Justiça tardia

Vítimas de massacre receberão indenização do Estado do Pará

No último dia 1o, o procurador geral do Estado do Pará e 20 sem-terra feridos no massacre de Eldorado dos Carajás em 1996, entraram em acordo sobre o pagamento da indenização ordenada pela Justiça em 1999. Valor é muito menor que o estipulado pela decisão judicial, e será pago em 2008
Verena Glass
 04/08/2006

Mais de dez anos depois do massacre de Eldorado dos Carajás no Pará, quando a Polícia Militar reprimiu violentamente uma manifestação de agricultores sem-terra ligados ao MST, matando 19 pessoas e deixando dezenas de feridos, o governo do Estado finalmente concordou em cumprir a decisão judicial que ordenou, em 1999, o pagamento de indenizações aos feridos.

Na última terça feira (1o), o Procurador Geral do estado, Dr. Aloysio Cavalcante Campos, acordou com 20 vítimas sobreviventes o pagamento de R$ 1,2 milhões, valor bem menor do que os R$ 2,9 milhões estipulados inicialmente pela Justiça. Cada um dos feridos deverá receber entre 30 e 90 mil reais individualmente.

Segundo o acordo, o Estado pagará a indenização “na forma do art. 100, § 1º da Constituição Federal, ou seja, por meio de precatório requisitório, que se realizará no decorrer do ano de 2008”, e garante que, até o pagamento, “o Estado continuará a pensionar os autores, bem como será prestado a assistência médica prevista na sentença, sendo esta também fornecida aos demais sobreviventes do massacre”.

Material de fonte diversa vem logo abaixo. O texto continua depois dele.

(* For a monoid $S$ and $n\in\mathbb N$ the following are equivalent: (i) $S$ is cancellative and right $n$-nilpotent; (ii) $S$ is both left $n$-nilpotent and right $n$-nilpotent; (iii) $S$ embeds into an $n$-nilpotent group.
   Context: A monoid is regarded as the semigroup $(S,\cdot)$ for the purposes of commutators. For an algebra $\mathbf A$, $k\ge1$ and congruences $\alpha_1,\dots,\alpha_k$, $M_{\mathbf A}(\alpha_1,\dots,\alpha_k)$ is the subalgebra of $\mathbf A^{\{0,1\}^k}$ generated by all $g$ such that for some $i$ and $(a,b)\in\alpha_i$, $g(x)=a$ if $x_i=0$ and $g(x)=b$ if $x_i=1$; $[\alpha_1,\dots,\alpha_k]$ is the smallest congruence $\delta$ such that for all $f\in M_{\mathbf A}(\alpha_1,\dots,\alpha_k)$: if $(f(x0),f(x1))\in\delta$ for all $x\in\{0,1\}^{k-1}\setminus\{(1,\dots,1)\}$, then $(f(1,\dots,1,0),f(1,\dots,1,1))\in\delta$. With $1$ total, $0$ trivial congruence: $(1]^1=1$, $(1]^{j+1}=[1,(1]^j]$; $[1)^1=1$, $[1)^{j+1}=[[1)^j,1]$. $\mathbf A$ is left $n$-nilpotent if $(1]^{n+1}=0$, right $n$-nilpotent if $[1)^{n+1}=0$. An $n$-nilpotent group is a group of nilpotency class at most $n$ (classical sense). *)

From HB Require Import structures.
From mathcomp Require Import all_boot.

Set Implicit Arguments.
Unset Strict Implicit.
Unset Printing Implicit Defensive.

Local Open Scope group_scope.

Section Commutator.
Variable S : magmaType.

Definition congruence (R : S -> S -> Prop) : Prop :=
  [/\ (forall x, R x x),
      (forall x y, R x y -> R y x),
      (forall x y z, R x y -> R y z -> R x z) &
      (forall a b c d, R a b -> R c d -> R (a * c) (b * d))].

Definition total_cong : S -> S -> Prop := fun _ _ => True.

(* elements of S^{{0,1}^2}: the value f(x1,x2) is the field f_x1x2 *)
Record sq := Sq { f00 : S; f01 : S; f10 : S; f11 : S }.

Definition sq_mul (f g : sq) : sq :=
  Sq (f00 f * f00 g) (f01 f * f01 g) (f10 f * f10 g) (f11 f * f11 g).

(* M_S(alpha, beta): the subalgebra of S^{{0,1}^2} generated by the
   alpha-generators (depending on x1) and the beta-generators (on x2) *)
Inductive M2 (alpha beta : S -> S -> Prop) : sq -> Prop :=
| M2_gen1 a b : alpha a b -> M2 alpha beta (Sq a a b b)
| M2_gen2 a b : beta a b -> M2 alpha beta (Sq a b a b)
| M2_mul f g : M2 alpha beta f -> M2 alpha beta g -> M2 alpha beta (sq_mul f g).

Definition term_cond (alpha beta delta : S -> S -> Prop) : Prop :=
  forall f, M2 alpha beta f -> delta (f00 f) (f01 f) -> delta (f10 f) (f11 f).

Definition comm (alpha beta : S -> S -> Prop) : S -> S -> Prop :=
  fun x y => forall delta, congruence delta -> term_cond alpha beta delta -> delta x y.

(* lser j = (1]^(j+1),  rser j = [1)^(j+1) *)
Fixpoint lser (j : nat) : S -> S -> Prop :=
  match j with 0 => total_cong | j'.+1 => comm total_cong (lser j') end.
Fixpoint rser (j : nat) : S -> S -> Prop :=
  match j with 0 => total_cong | j'.+1 => comm (rser j') total_cong end.

Definition left_nilpotent (n : nat) : Prop := forall x y, lser n x y <-> x = y.
Definition right_nilpotent (n : nat) : Prop := forall x y, rser n x y <-> x = y.

End Commutator.

Definition cancellative (S : monoidType) : Prop :=
  (forall a b c : S, a * b = a * c -> b = c) /\
  (forall a b c : S, b * a = c * a -> b = c).

Section GroupNil.
Variable G : groupType.

Inductive gen_subgroup (A : G -> Prop) : G -> Prop :=
| gs_base x : A x -> gen_subgroup A x
| gs_one : gen_subgroup A 1
| gs_mul x y : gen_subgroup A x -> gen_subgroup A y -> gen_subgroup A (x * y)
| gs_inv x : gen_subgroup A x -> gen_subgroup A x^-1.

(* lower central series: lcs j = gamma_(j+1); gamma_1 = G,
   gamma_(j+1) = [gamma_j, G] *)
Fixpoint lcs (j : nat) : G -> Prop :=
  match j with
  | 0 => fun _ => True
  | j'.+1 => gen_subgroup (fun z => exists x y, lcs j' x /\ z = [~ x, y])
  end.

Definition nilpotent_class_le (n : nat) : Prop := forall x, lcs n x -> x = 1.

End GroupNil.

Definition embeds_in_nilpotent_group (S : monoidType) (n : nat) : Prop :=
  exists (G : groupType) (phi : S -> G),
    [/\ injective phi, (forall x y, phi (x * y) = phi x * phi y), phi 1 = 1
      & nilpotent_class_le G n].

(* If phi : S -> G is multiplicative, the congruence "phi x = phi y modulo
   gamma_(j+1) G" satisfies the term conditions defining both (1]^(j+1) and
   [1)^(j+1), because gamma_(j+1) is central modulo gamma_(j+2); hence an
   embedding into a group of class n makes S left and right n-nilpotent, and
   left nilpotency alone already forces cancellation.
   Conversely, the Malcev identity  u ~ v ==> u z v ~ v z u  (one step down
   the series [1)^j) yields both Ore conditions in a right n-nilpotent monoid,
   so a cancellative one embeds in its group of left fractions x^-1 y.  There,
   every element of gamma_(j+1) is a conjugate of some x^-1 y with x, y related
   by [1)^(j+1), and is therefore trivial when j = n. *)

From HB Require Import structures.
From mathcomp Require Import all_boot.

Set Implicit Arguments.
Unset Strict Implicit.
Unset Printing Implicit Defensive.

Local Open Scope group_scope.
Local Open Scope quotient_scope.

Section Congruence.
Variables (S : magmaType) (R : S -> S -> Prop).
Hypothesis congR : congruence R.

Lemma cong_refl x : R x x.
Proof. by case: congR. Qed.

Lemma cong_sym x y : R x y -> R y x.
Proof. by case: congR => _ symR _ _; apply: symR. Qed.

Lemma cong_trans y x z : R x y -> R y z -> R x z.
Proof. by case: congR => _ _ transR _; apply: transR. Qed.

Lemma cong_mul a b c d : R a b -> R c d -> R (a * c) (b * d).
Proof. by case: congR => _ _ _ mulR; apply: mulR. Qed.

End Congruence.

Section CongruenceCommutator.
Variable S : magmaType.
Implicit Types alpha beta : S -> S -> Prop.

Lemma comm_congruence alpha beta : congruence (comm alpha beta).
Proof.
split=> [x | x y Hxy | x y z Hxy Hyz | a b c d Hab Hcd] delta Hdelta Htc.
- exact: (cong_refl Hdelta x).
- exact: (cong_sym Hdelta (Hxy _ Hdelta Htc)).
- exact: (cong_trans Hdelta (Hxy _ Hdelta Htc) (Hyz _ Hdelta Htc)).
- exact: (cong_mul Hdelta (Hab _ Hdelta Htc) (Hcd _ Hdelta Htc)).
Qed.

Lemma comm_term_cond alpha beta : term_cond alpha beta (comm alpha beta).
Proof. by move=> f Mf Hf delta Hdelta Htc; apply: Htc Mf (Hf _ Hdelta Htc). Qed.

Lemma lser_congruence j : congruence (@lser S j).
Proof. by case: j => [|j] //; apply: comm_congruence. Qed.

Lemma rser_congruence j : congruence (@rser S j).
Proof. by case: j => [|j] //; apply: comm_congruence. Qed.

Lemma M2_mono alpha alpha' beta beta' f :
  (forall x y, alpha x y -> alpha' x y) -> (forall x y, beta x y -> beta' x y) ->
  M2 alpha beta f -> M2 alpha' beta' f.
Proof.
move=> Ha Hb; elim=> {f} [x y /Ha | x y /Hb | f g _ Mf _ Mg]; last exact: M2_mul.
- exact: M2_gen1.
- exact: M2_gen2.
Qed.

Definition sq_tr (f : sq S) := Sq (f00 f) (f10 f) (f01 f) (f11 f).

“Depois de tanto tempo, com o Estado recorrendo reiteradamente das decisões judiciais sobre os valores, para as vítimas não vale mais a pena estender a briga. Valor nenhum vai desfazer o feito, mas o dinheiro vai ajudar”, explica o advogado dos sem-terra, Walmir Brelaz.

Atendimento médico
Apesar de passar de 70 o número de sem-terra feridos no massacre, apenas 20 acabaram reunindo os documentos necessários – RG, laudos periciais e médicos, etc – para processar judicialmente o Estado. Em 1988, este grupo, assessorado por Brelaz, ingressou na Justiça com uma ação ordinária de indenização por danos materiais e morais, com pedido de tutela antecipada.

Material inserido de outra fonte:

(* Let $T:\mathbb{Z}_{\ge 0}\to\mathbb{R}$ satisfy $T(mn) = T(m)T(n) + T(m-1)T(n-1)$ for all integers $m,n\ge 1$. If $T(0)\neq 0$, then $T(n)=\tfrac12$ for all $n\ge 0$. *)

From Stdlib Require Import Reals.

(** Taking [n = 1] gives [T(m) (1 - T(1)) = T(0) T(m-1)], and [T(0) <> 0] forces
    [T(1) <> 1]; hence [T(n) = a r^n] with [a = T(0)], [r = a / (1 - T(1))].
    The case [m = n = 1] turns into [r = a r^2 + a], and the case [m = n = 2]
    into [r^4 = a r^4 + a r^2 = r^3].  As [r <> 0], this gives [r = 1], and then
    [a = 1/2]. *)

From Stdlib Require Import Reals.
From Stdlib Require Import Lra Lia Psatz.
Open Scope R_scope.

Section ProductRecursion.

Variable T : nat -> R.

Hypothesis hT : forall m n : nat, (1 <= m)%nat -> (1 <= n)%nat ->
  T (m * n)%nat = T m * T n + T (m - 1)%nat * T (n - 1)%nat.

Hypothesis h0 : T 0%nat <> 0.

Lemma T_succ_mul_one_sub_T1 (m : nat) : T (S m) * (1 - T 1%nat) = T 0%nat * T m.
Proof.
  pose proof (hT (S m) 1 ltac:(lia) ltac:(lia)) as H.
  rewrite Nat.mul_1_r, Nat.sub_succ, Nat.sub_0_r, Nat.sub_diag in H.
  lra.
Qed.

Lemma one_sub_T1_neq0 : 1 - T 1%nat <> 0.
Proof.
  intro E.
  pose proof (T_succ_mul_one_sub_T1 0) as H.
  rewrite E, Rmult_0_r in H.
  apply h0; nra.
Qed.

Definition ratio : R := T 0%nat / (1 - T 1%nat).

Lemma T_geometric (n : nat) : T n = T 0%nat * ratio ^ n.
Proof.
  induction n as [|n IH]; [simpl; ring|].
  assert (Hstep : T (S n) = ratio * T n).
  { apply (Rmult_eq_reg_r (1 - T 1%nat)); [|exact one_sub_T1_neq0].
    rewrite T_succ_mul_one_sub_T1.
    unfold ratio; field; exact one_sub_T1_neq0. }
  rewrite Hstep, IH; simpl; ring.
Qed.

Lemma ratio_fixed_point : ratio = T 0%nat * ratio ^ 2 + T 0%nat.
Proof.
  pose proof (hT 1 1 ltac:(lia) ltac:(lia)) as H; simpl in H.
  assert (H1 : T 1%nat = T 0%nat * ratio) by (rewrite (T_geometric 1); ring).
  apply (Rmult_eq_reg_l (T 0%nat)); [|exact h0].
  rewrite <- H1. rewrite H at 1. rewrite H1; ring.
Qed.

Lemma ratio_neq0 : ratio <> 0.
Proof.
  intro Z. pose proof ratio_fixed_point as E.
  rewrite Z in E. apply h0. simpl in E. lra.
Qed.

Lemma ratio_pow4 : ratio ^ 4 = ratio ^ 3.
Proof.
  pose proof (hT 2 2 ltac:(lia) ltac:(lia)) as H; simpl in H.
  rewrite (T_geometric 4), (T_geometric 2), (T_geometric 1) in H.
  assert (H4 : ratio ^ 4 = T 0%nat * ratio ^ 4 + T 0%nat * ratio ^ 2).
  { apply (Rmult_eq_reg_l (T 0%nat)); [|exact h0]. rewrite H at 1; ring. }
  rewrite H4.
  replace (T 0%nat * ratio ^ 4 + T 0%nat * ratio ^ 2)
    with (ratio ^ 2 * (T 0%nat * ratio ^ 2 + T 0%nat)) by ring.
  rewrite <- ratio_fixed_point; ring.
Qed.

Lemma ratio_eq1 : ratio = 1.
Proof.
  assert (H : ratio ^ 3 * (ratio - 1) = 0).
  { replace (ratio ^ 3 * (ratio - 1)) with (ratio ^ 4 - ratio ^ 3) by ring.
    rewrite ratio_pow4; ring. }
  apply Rmult_integral in H as [H|H]; [|lra].
  exfalso. exact (pow_nonzero _ 3 ratio_neq0 H).
Qed.

End ProductRecursion.

Theorem lemma8 (T : nat -> R)
  (hT : forall m n : nat, (1 <= m)%nat -> (1 <= n)%nat ->
          T (m * n)%nat = T m * T n + T (m - 1)%nat * T (n - 1)%nat)
  (h0 : T 0%nat <> 0) :
  forall n : nat, T n = 1 / 2.
Proof.
  intro n.
  pose proof (ratio_fixed_point T hT h0) as E.
  rewrite (ratio_eq1 T hT h0) in E.
  rewrite (T_geometric T hT h0 n), (ratio_eq1 T hT h0), pow1.
  lra.
Qed.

A tutela antecipada foi deferida em agosto de 1999, estipulando que o Estado assumisse o atendimento médico das vítimas, arcasse com as despesas advindas dos tratamentos, como deslocamento, alimentação, medicamentos, etc, e pagasse a cada uma delas, durante o período de convalescença "e até ulterior deliberação, a pensão civil mensal correspondente a um salário mínimo". Mas só em maio de 2000 o Estado aceitou cumprir a ordem judicial.

Já o valor que atenderia o pedido de indenização por danos morais e materiais – R$ 2,9 milhões, independentemente do tratamento médico e das pensões -, foi estipulado em dezembro de 2003. Após recorrer quatro vezes, o Estado conseguiu baixar o valor para os 1,2 milhões acordados esta semana.

Durante todo os dez anos de negociação, no entanto, segundo os agricultores o maior problema foi o não cumprimento, por parte do governo, da ordem de fornecer atendimento médico adequado.

Rubenita Justiniano, atingida na boca durante o massacre, falou à Carta Maior nesta sexta (4) com alguma dificuldade, já que a bala que continua alojada em sua garganta desencadeou uma grave inflamação nestes últimos dias. Ela ainda não sabia que o Estado finalmente concordou em pagar a sua indenização – que deverá ser de 90 reais, e não de 300, como ordenado pela justiça inicialmente -, mas sua maior preocupação no momento é o tratamento urgente.

“Nesses dez anos, por não termos recebido tratamento adequado desenvolvemos mais doenças e seqüelas. Moramos no interior e temos que ir para Belém de 90 em 90 dias, mas eles só nos passam ampicilina. A bala que eu tenho na garganta virou uma úlcera, e os antibióticos que me deram estão causando uma série de outros problemas”, conta Rubenita.

De acordo com Josimar Freitas, membro da coordenação estadual do MST e um dos negociadores do grupo dos 20, o movimento avalia que a indenização financeira, apesar de menor do que o esperado, é o que foi possível conseguir. Já a grande expectativa em relação ao acordo com a procuradoria é a garantia de que o atendimento médico será sério.

“A questão do tratamento é a maior preocupação de todos. Não é só a Dona Rubenita que vem tendo problemas, tem o caso do José Carlos, com uma bala alojada na cabeça, Dona Maria Badia, diabética, que recebeu dois tiros na perna e desenvolveu complicações sérias… Se o acordo em relação ao atendimento for realmente cumprido, foi um bom negócio”, afirma Freitas.